Think of stereo as a sound painting that can give the illusion of a band playing directly in front of you. With two loudspeakers, one for the left channel and one for the right, properly separated, sounds don’t just spill from the speakers themselves but appear to emanate from between the speakers. Vocal dead centre. Guitar just off to the left. Snare off to the right. This is what some audiophiles refer to as imaging. Elsewhere it’s known as stereophony.
Proper stereophony from a single Bluetooth speaker just isn’t possible, no matter how hard manufacturers exploit DSP for a pseudo stereo (that isn’t) or their marketing departments to tell you otherwise. Even owners of a single Sonos Play:1 will find themselves similarly hamstrung. The left and right channels travel to the ear from the same point in the room.
Take note of the plural: you need not one but a pair of loudspeakers, placed a short distance apart, for the stereo illusion to come to life; for you to hear the sound image as intended by the artist and recording engineer.
If you love music as much as you claim, you’ll need a pair of Sonos Play:1 or a pair of Bluetooth speakers. The better models ship with a software app that can assign one speaker to each of the two channels. Sit them a meter and a half apart and you have proper stereo – just as the artist intended.
Two times the Devialet Phantom will sound more than twice as good as one. So too will two times the KEF MUO. Ditto twice the UE Boom.

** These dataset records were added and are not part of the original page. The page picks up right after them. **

Lemma ctx_step_ren_reflect : forall t f u, rstep (ren f t) u ->
  exists u0, rstep t u0 /\ u = ren f u0.
Proof.
  intros t f u H. remember (ren f t) as rt. revert t f Heqrt.
  induction H as [a b Hr|a b H IH|a b c H IH|a b c H IH|a b c H IH|a b c H IH];
    intros t0 f Heq; symmetry in Heq.
  - subst. destruct Hr as [Hr|Hr].
    + destruct (adm_reflect_l R HR _ _ _ Hr) as [q [H1 H2]].
      exists q; split; auto. apply cx_root; left; auto.
    + destruct (adm_reflect_r R HR _ _ _ Hr) as [q [H1 H2]].
      exists q; split; auto. apply cx_root; right; auto.
  - destruct (ren_inv_Lam _ _ _ Heq) as [t1 [-> ->]].
    destruct (IH t1 (up f) eq_refl) as [w0 [H1 ->]].
    exists (Lam w0); split; auto. apply cx_lam; auto.
  - destruct (ren_inv_App _ _ _ _ Heq) as [x [y [-> [-> ->]]]].
    destruct (IH x f eq_refl) as [w0 [H1 ->]].
    exists (App w0 y); split; auto. apply cx_appl; auto.
  - destruct (ren_inv_App _ _ _ _ Heq) as [x [y [-> [-> ->]]]].
    destruct (IH y f eq_refl) as [w0 [H1 ->]].
    exists (App x w0); split; auto. apply cx_appr; auto.
  - destruct (ren_inv_Sub _ _ _ _ Heq) as [x [y [-> [-> ->]]]].
    destruct (IH x (up f) eq_refl) as [w0 [H1 ->]].
    exists (Sub w0 y); split; auto. apply cx_subl; auto.
  - destruct (ren_inv_Sub _ _ _ _ Heq) as [x [y [-> [-> ->]]]].
    destruct (IH y f eq_refl) as [w0 [H1 ->]].
    exists (Sub x w0); split; auto. apply cx_subr; auto.
Qed.

Lemma ctx_equiv_lift : forall a b, ctx_equiv R a b -> ctx_equiv R (lift 0 a) (lift 0 b).
Proof.
  intros a b H. rewrite !lift0_ren. generalize S as f. induction H; intros f; simpl.
  - apply e_base, HR; auto.
  - apply e_refl.
  - apply e_sym; auto.
  - eapply e_trans; eauto.
  - apply e_lam; auto.
  - apply e_appl; auto.
  - apply e_appr; auto.
  - apply e_subl; auto.
  - apply e_subr; auto.
Qed.

Lemma ctx_equiv_subst_arg : forall v a b k, ctx_equiv R a b ->
  ctx_equiv R (subst k a v) (subst k b v).
Proof.
  induction v; intros a b k H; simpl.
  - nat_cases; auto; apply e_refl.
  - apply e_lam, IHv, ctx_equiv_lift; auto.
  - eapply e_trans; [apply e_appl, IHv1; eauto | apply e_appr, IHv2; auto].
  - eapply e_trans; [apply e_subl, IHv1, ctx_equiv_lift; eauto | apply e_subr, IHv2; auto].
Qed.

Lemma ctx_equiv_jumps : forall L a b, ctx_equiv R a b -> ctx_equiv R (jumps a L) (jumps b L).
Proof. induction L; intros a0 b H; simpl; auto. apply IHL, e_subl; auto. Qed.

Lemma ctx_step_dB : forall L a u, rstep (jumps (Lam a) L) u ->
  exists a' L', u = jumps (Lam a') L' /\
    forall v, ctx_equiv R (jumps (Sub a (liftn (length L) v)) L)
                          (jumps (Sub a' (liftn (length L') v)) L').
Proof.
  intros L. induction L using rev_ind; intros a u H.
  - simpl in H. inversion H; subst.
    + apply (adm_dB R HR a [] u); auto.
    + exists b, []. split; auto. intros v. simpl. apply e_subl, ctx_step_equiv; auto.
  - rewrite jumps_app1 in H. inversion H; subst.
    + rewrite <- jumps_app1 in H0. apply (adm_dB R HR); auto.
    + destruct (IHL a b H3) as [a' [L' [-> Hc]]].
      exists a', (L' ++ [x]). split; [rewrite jumps_app1; auto|].
      intros v. rewrite !jumps_app1, !length_app. simpl. rewrite !Nat.add_1_r, <- !liftn_S.
      apply e_subl, Hc.
    + exists a, (L ++ [b]). split; [rewrite jumps_app1; auto|].
      intros v. rewrite !jumps_app1, !length_app. simpl. apply e_subr, ctx_step_equiv; auto.
Qed.

(* The root
   redex of the enclosing term is either untouched by the rewrite (it
   fires identically on the other side) or is a dB-redex handled by
   [ctx_step_dB], or is a [w]/[d]/[c]-redex whose side conditions only
   depend on occurrence counts, preserved by [ctx_step_occ]. *)

Lemma simulates_lam : forall a b, simulates R a b -> simulates R (Lam a) (Lam b).
Proof.
  intros a b IH w Hs. inversion Hs; subst.
  - match goal with Hx : lj_root (Lam _) _ |- _ => inversion Hx end.
  - destruct (IH t' H0) as [b' [H1 H2]]. exists (Lam b'). split.
    + apply s_lam; auto.
    + apply e_lam; auto.
Qed.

With two speakers in the mix, your Bluetooth speaker no longer sucks. (Larger listening spaces will demand larger speakers but that’s a story for another day.) One could further argue, albeit without concrete evidence, that the presence of stereo is more engaging and that ongoing exposure to proper imaging/stereophony makes us better listeners.
As it stands, proper stereo imaging is absent from any loudspeaker available for purchase as a single device. Better to run a stereo pair of ‘lesser’ loudspeakers than a single ‘better’ one. My advice: buy the best speaker you can afford as a pair.
Case in point: Emotiva’s AirMotiv 4S will offer a more satisfying listening experience than a single Devialet Phantom (US$2000) or Naim Mu-so (US$1500). Why? Because the Emotiva will give you full stereo separation whilst the Devialet or Naim running solo will not. And at US$399/pair, the AirMotiv 4S sell for the same price as 2 x UE MegaBoom but are streets ahead when it comes to sound quality.
Furthermore, a pair of KEF MUO will see you relinquish US$700. If go-anywhere portability isn’t a requirement, the iFi iONE DAC adds Bluetooth connectivity to the AirMotiv 4S, after which you’d come out way ahead on sound quality and budget.
Lasso a Fiio D3 DAC and a Lepy (Lepai) 2020A amplifier to a pair of (the incredible) Andrew Jones-designed Pioneer SP-BS22-LR loudspeakers and you’ve got a kick ass system for well under the cost of two UE Boom: US$200. A little internet digging can go a long way and your money will go a lot further if you don’t need to take your audio system out of the house.
Portability is where Bluetooth speakers maintain their competitive edge – but at what cost? The loss of proper stereo separation should not be lightly ignored.
The majority of modern recordings are created in stereo and have been for fifty or so years. To use playback hardware that ignores these studio-based efforts is akin to taking a fine Scotch whisky and mixing it with Coca-Cola. What a waste.